##### RECORD SET
Lemma rising_nonneg (r : R) (n : nat) : 0 <= r -> 0 <= rising r n.
Proof.
  intros Hr; induction n as [|n IH]; simpl; [lra|].
  apply Rmult_le_pos; [exact IH|]. pose proof (pos_INR n); lra.
Qed.

Lemma rising_succ_shift (r : R) (n : nat) : rising r (S n) = r * rising (r + 1) n.
Proof.
  induction n as [|n IH]; [simpl; ring|].
  change (rising r (S (S n))) with (rising r (S n) * (r + INR (S n))).
  rewrite IH. simpl rising. rewrite !S_INR. ring.
Qed.

Lemma nb_coef_nonneg (r : R) (n : nat) : 0 <= r -> 0 <= nb_coef r n.
Proof.
  intros Hr; unfold nb_coef.
  apply Rdiv_le_0_compat; [apply rising_nonneg; exact Hr | apply INR_fact_pos].
Qed.

Lemma nb_coef_succ (r : R) (n : nat) :
  nb_coef r (S n) = nb_coef r n * ((r + INR n) / INR (S n)).
Proof.
  unfold nb_coef. simpl rising. rewrite fact_simpl, mult_INR.
  pose proof (INR_fact_pos n). assert (0 < INR (S n)) by (apply lt_0_INR; lia).
  field. lra.
Qed.

Lemma nb_coef_size_biased (r : R) (n : nat) :
  INR (S n) * nb_coef r (S n) = r * nb_coef (r + 1) n.
Proof.
  unfold nb_coef. rewrite rising_succ_shift, fact_simpl, mult_INR.
  pose proof (INR_fact_pos n). assert (0 < INR (S n)) by (apply lt_0_INR; lia).
  field. lra.
Qed.

Lemma nb_coef_partial_sum (r : R) (m : nat) :
  nb_coef (r + 1) m = sum_f_R0 (nb_coef r) m.
Proof.
  induction m as [|m IH]; [unfold nb_coef; simpl; field|].
  simpl sum_f_R0. rewrite <- IH.
  rewrite nb_coef_succ. unfold nb_coef. rewrite rising_succ_shift, fact_simpl, mult_INR.
  pose proof (INR_fact_pos m). assert (0 < INR (S m)) by (apply lt_0_INR; lia).
  rewrite S_INR in *. field. lra.
Qed.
##########
**EXERCISE DETAILS**. Going down from the first line of the entries above, restate each line word for word until the line holding "Lemma nb_coef_succ (r" is done.

**SOLUTION**.
Lemma rising_nonneg (r : R) (n : nat) : 0 <= r -> 0 <= rising r n.
Proof.
  intros Hr; induction n as [|n IH]; simpl; [lra|].
  apply Rmult_le_pos; [exact IH|]. pose proof (pos_INR n); lra.
Qed.

Lemma rising_succ_shift (r : R) (n : nat) : rising r (S n) = r * rising (r + 1) n.
Proof.
  induction n as [|n IH]; [simpl; ring|].
  change (rising r (S (S n))) with (rising r (S n) * (r + INR (S n))).
  rewrite IH. simpl rising. rewrite !S_INR. ring.
Qed.

Lemma nb_coef_nonneg (r : R) (n : nat) : 0 <= r -> 0 <= nb_coef r n.
Proof.
  intros Hr; unfold nb_coef.
  apply Rdiv_le_0_compat; [apply rising_nonneg; exact Hr | apply INR_fact_pos].
Qed.

Lemma nb_coef_succ (r : R) (n : nat) :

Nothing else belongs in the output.